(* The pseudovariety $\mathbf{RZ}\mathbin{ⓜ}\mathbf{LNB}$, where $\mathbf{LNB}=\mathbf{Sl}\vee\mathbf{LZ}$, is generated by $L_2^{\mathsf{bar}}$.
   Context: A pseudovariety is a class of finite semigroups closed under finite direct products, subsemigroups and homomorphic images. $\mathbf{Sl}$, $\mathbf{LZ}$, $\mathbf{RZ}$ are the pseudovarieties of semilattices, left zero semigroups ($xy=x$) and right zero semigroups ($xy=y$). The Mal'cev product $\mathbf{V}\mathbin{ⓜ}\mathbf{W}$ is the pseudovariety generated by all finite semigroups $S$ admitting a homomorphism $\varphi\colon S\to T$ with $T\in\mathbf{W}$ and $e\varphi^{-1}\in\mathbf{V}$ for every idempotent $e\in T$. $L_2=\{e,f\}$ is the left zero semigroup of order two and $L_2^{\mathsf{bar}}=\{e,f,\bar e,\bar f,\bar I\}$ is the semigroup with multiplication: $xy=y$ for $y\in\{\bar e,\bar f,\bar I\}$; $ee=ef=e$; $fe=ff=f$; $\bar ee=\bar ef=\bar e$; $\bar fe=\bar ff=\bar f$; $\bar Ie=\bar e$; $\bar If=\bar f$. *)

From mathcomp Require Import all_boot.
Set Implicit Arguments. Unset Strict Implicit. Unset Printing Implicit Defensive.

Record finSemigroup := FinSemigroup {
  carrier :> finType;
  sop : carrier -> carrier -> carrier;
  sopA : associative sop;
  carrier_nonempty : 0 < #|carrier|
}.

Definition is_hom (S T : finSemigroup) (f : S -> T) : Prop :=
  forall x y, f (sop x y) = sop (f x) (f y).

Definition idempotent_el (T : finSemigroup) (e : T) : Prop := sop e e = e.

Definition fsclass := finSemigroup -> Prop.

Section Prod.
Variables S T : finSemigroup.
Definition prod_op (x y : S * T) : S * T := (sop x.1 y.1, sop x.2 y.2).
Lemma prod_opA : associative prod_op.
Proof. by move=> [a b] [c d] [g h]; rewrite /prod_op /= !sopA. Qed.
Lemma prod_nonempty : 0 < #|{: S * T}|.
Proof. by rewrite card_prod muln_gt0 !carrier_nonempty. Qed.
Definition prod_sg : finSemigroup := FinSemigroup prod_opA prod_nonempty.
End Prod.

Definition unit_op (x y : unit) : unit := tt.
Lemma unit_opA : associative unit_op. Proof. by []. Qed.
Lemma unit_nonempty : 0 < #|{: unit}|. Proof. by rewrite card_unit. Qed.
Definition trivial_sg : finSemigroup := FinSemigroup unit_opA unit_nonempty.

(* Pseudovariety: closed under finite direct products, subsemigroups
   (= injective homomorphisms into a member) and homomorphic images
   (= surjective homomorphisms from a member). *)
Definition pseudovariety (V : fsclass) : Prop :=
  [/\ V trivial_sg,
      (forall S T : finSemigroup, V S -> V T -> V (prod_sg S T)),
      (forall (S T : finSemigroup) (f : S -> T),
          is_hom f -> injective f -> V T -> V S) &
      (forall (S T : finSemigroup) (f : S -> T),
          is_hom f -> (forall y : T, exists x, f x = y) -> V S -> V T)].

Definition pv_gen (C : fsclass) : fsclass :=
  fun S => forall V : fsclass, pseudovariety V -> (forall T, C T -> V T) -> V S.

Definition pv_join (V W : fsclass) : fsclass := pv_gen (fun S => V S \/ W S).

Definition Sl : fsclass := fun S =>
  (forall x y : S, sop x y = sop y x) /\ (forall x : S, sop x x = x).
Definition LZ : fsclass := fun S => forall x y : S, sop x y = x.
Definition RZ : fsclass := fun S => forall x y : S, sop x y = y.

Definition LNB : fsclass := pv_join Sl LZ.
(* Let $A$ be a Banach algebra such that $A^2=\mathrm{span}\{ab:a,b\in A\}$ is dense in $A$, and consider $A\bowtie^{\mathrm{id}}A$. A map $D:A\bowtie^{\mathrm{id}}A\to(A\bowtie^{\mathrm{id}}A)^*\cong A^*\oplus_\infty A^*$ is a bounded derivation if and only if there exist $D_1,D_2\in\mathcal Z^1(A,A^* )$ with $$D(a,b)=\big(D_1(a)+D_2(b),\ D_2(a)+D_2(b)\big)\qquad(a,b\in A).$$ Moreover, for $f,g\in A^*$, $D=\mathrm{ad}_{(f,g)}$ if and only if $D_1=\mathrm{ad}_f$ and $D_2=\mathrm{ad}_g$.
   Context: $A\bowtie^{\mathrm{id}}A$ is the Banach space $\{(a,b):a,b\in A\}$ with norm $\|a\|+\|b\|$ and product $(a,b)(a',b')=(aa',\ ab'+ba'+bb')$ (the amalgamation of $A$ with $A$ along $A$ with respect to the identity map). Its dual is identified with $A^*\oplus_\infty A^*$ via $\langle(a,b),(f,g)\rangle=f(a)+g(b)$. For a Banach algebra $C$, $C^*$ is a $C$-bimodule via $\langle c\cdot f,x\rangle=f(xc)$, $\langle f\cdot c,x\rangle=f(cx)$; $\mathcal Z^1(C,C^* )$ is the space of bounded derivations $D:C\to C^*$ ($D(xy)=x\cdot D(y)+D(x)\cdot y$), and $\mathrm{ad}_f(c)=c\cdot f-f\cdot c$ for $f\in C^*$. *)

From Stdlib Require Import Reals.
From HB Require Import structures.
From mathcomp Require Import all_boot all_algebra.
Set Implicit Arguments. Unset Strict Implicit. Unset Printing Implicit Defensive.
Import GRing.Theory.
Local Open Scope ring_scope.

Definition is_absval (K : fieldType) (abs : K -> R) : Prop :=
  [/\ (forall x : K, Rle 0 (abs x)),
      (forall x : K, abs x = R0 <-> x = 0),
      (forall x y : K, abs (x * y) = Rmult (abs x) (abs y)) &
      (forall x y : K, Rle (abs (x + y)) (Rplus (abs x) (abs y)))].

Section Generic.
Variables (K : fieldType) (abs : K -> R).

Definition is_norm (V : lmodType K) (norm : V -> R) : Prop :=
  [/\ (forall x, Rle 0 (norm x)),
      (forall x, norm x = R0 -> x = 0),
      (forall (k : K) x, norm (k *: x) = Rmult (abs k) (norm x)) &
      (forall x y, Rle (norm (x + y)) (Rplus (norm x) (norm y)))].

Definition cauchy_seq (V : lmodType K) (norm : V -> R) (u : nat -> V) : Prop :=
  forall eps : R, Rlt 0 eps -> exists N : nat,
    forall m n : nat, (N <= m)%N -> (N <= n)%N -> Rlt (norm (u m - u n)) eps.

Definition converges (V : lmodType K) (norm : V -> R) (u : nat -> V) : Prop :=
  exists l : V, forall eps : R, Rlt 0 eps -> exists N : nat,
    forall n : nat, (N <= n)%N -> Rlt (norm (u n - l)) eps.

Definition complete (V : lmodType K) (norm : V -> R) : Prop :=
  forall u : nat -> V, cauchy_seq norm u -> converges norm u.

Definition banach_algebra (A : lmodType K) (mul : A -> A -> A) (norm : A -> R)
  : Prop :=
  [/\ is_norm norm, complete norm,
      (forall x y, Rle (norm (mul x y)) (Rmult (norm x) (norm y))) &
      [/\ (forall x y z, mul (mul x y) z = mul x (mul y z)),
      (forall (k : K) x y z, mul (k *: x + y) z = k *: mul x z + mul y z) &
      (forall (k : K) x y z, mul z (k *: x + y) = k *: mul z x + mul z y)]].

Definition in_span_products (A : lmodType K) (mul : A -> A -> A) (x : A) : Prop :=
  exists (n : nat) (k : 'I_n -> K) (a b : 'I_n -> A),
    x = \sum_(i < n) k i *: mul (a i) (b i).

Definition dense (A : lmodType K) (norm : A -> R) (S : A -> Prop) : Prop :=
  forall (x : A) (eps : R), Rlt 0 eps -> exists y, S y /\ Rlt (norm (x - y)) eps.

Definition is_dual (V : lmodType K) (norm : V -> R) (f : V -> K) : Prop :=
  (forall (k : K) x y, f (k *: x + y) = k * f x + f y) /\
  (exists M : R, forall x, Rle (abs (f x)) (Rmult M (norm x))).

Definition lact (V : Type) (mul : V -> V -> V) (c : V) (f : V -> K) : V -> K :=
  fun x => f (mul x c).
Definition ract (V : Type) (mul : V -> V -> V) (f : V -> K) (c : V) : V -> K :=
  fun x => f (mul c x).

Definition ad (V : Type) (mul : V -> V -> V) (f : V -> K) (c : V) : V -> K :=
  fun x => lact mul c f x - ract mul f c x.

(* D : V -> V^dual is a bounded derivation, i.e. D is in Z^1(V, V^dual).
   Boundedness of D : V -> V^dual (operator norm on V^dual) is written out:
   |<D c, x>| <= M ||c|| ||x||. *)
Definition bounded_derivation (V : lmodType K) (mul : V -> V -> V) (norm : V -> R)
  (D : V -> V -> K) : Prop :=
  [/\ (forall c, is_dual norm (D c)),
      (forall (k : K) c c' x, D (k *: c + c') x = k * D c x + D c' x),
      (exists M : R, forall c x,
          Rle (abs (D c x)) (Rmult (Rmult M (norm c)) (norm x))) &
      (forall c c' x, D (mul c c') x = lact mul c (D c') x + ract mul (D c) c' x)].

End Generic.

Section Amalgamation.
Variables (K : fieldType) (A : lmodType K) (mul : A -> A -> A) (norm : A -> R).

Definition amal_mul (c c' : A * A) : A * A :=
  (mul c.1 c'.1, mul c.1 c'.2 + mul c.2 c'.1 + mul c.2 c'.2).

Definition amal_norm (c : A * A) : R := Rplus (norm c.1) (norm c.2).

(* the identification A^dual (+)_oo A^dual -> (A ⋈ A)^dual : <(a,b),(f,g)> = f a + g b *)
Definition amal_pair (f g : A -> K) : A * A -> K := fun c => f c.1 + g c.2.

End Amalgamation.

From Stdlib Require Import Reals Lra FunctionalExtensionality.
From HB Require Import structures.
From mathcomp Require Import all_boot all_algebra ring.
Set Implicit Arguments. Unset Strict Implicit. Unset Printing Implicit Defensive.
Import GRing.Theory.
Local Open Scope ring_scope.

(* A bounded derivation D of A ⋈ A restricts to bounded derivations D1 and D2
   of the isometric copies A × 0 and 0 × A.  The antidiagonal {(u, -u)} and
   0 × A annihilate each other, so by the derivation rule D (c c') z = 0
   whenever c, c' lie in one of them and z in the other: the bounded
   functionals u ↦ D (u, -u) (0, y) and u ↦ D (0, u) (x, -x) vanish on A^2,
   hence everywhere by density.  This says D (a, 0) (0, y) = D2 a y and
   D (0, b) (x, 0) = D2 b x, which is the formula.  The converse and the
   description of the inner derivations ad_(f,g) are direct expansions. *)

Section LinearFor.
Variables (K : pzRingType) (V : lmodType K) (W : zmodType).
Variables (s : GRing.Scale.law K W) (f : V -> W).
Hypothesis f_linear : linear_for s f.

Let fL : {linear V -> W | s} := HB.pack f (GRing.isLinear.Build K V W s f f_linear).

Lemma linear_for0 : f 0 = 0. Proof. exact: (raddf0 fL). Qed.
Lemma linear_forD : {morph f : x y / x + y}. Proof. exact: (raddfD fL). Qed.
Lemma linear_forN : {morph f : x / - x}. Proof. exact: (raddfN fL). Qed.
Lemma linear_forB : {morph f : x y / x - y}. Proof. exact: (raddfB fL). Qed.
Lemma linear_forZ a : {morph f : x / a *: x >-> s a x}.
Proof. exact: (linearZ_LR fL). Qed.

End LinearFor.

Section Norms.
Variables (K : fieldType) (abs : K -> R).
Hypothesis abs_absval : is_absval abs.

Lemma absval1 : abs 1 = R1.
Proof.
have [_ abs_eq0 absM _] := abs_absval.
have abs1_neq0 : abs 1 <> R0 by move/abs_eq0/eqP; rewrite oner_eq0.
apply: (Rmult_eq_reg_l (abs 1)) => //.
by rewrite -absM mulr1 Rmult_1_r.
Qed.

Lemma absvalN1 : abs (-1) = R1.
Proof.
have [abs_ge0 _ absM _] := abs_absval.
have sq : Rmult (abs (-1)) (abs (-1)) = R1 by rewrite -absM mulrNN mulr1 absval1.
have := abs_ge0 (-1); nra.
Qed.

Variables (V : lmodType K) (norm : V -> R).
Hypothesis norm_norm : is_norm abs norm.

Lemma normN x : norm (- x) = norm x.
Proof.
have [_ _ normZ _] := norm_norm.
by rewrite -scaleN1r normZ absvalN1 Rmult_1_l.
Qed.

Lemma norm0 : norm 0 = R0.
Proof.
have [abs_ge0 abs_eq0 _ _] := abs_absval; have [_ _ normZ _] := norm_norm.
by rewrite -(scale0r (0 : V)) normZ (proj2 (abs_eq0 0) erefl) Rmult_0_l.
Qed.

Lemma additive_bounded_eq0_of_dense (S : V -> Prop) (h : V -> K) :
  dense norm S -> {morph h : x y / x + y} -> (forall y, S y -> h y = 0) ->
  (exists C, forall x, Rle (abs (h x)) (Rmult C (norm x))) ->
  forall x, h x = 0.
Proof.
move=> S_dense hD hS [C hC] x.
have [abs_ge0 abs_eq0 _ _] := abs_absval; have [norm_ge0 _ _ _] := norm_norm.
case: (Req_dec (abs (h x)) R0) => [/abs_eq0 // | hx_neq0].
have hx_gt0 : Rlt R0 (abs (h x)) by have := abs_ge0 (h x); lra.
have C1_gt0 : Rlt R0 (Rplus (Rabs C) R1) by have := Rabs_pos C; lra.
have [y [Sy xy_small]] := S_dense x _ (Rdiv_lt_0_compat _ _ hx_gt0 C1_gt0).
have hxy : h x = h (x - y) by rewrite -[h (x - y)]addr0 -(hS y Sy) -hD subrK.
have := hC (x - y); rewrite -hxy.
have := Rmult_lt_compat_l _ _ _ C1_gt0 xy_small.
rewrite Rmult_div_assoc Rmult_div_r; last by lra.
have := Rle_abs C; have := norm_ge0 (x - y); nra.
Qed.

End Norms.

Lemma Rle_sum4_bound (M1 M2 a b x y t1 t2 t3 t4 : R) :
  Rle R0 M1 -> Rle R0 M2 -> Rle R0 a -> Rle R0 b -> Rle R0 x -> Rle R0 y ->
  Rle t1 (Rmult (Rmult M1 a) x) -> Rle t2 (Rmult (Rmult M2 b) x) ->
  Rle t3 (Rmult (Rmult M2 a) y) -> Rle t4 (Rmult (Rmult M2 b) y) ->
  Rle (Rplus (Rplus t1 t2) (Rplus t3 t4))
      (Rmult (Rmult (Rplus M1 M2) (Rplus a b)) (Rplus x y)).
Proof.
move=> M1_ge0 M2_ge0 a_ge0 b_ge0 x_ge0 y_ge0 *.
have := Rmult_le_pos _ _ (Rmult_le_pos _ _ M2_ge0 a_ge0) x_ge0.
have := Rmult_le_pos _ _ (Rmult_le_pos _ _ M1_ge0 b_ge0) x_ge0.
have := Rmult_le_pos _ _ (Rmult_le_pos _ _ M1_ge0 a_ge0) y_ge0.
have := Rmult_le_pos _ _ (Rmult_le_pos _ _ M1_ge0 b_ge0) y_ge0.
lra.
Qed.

:::

*Instructions to follow:*
A single number is the answer here: how many lines of the material contain the string "Rplus"?

*Answer box:*
6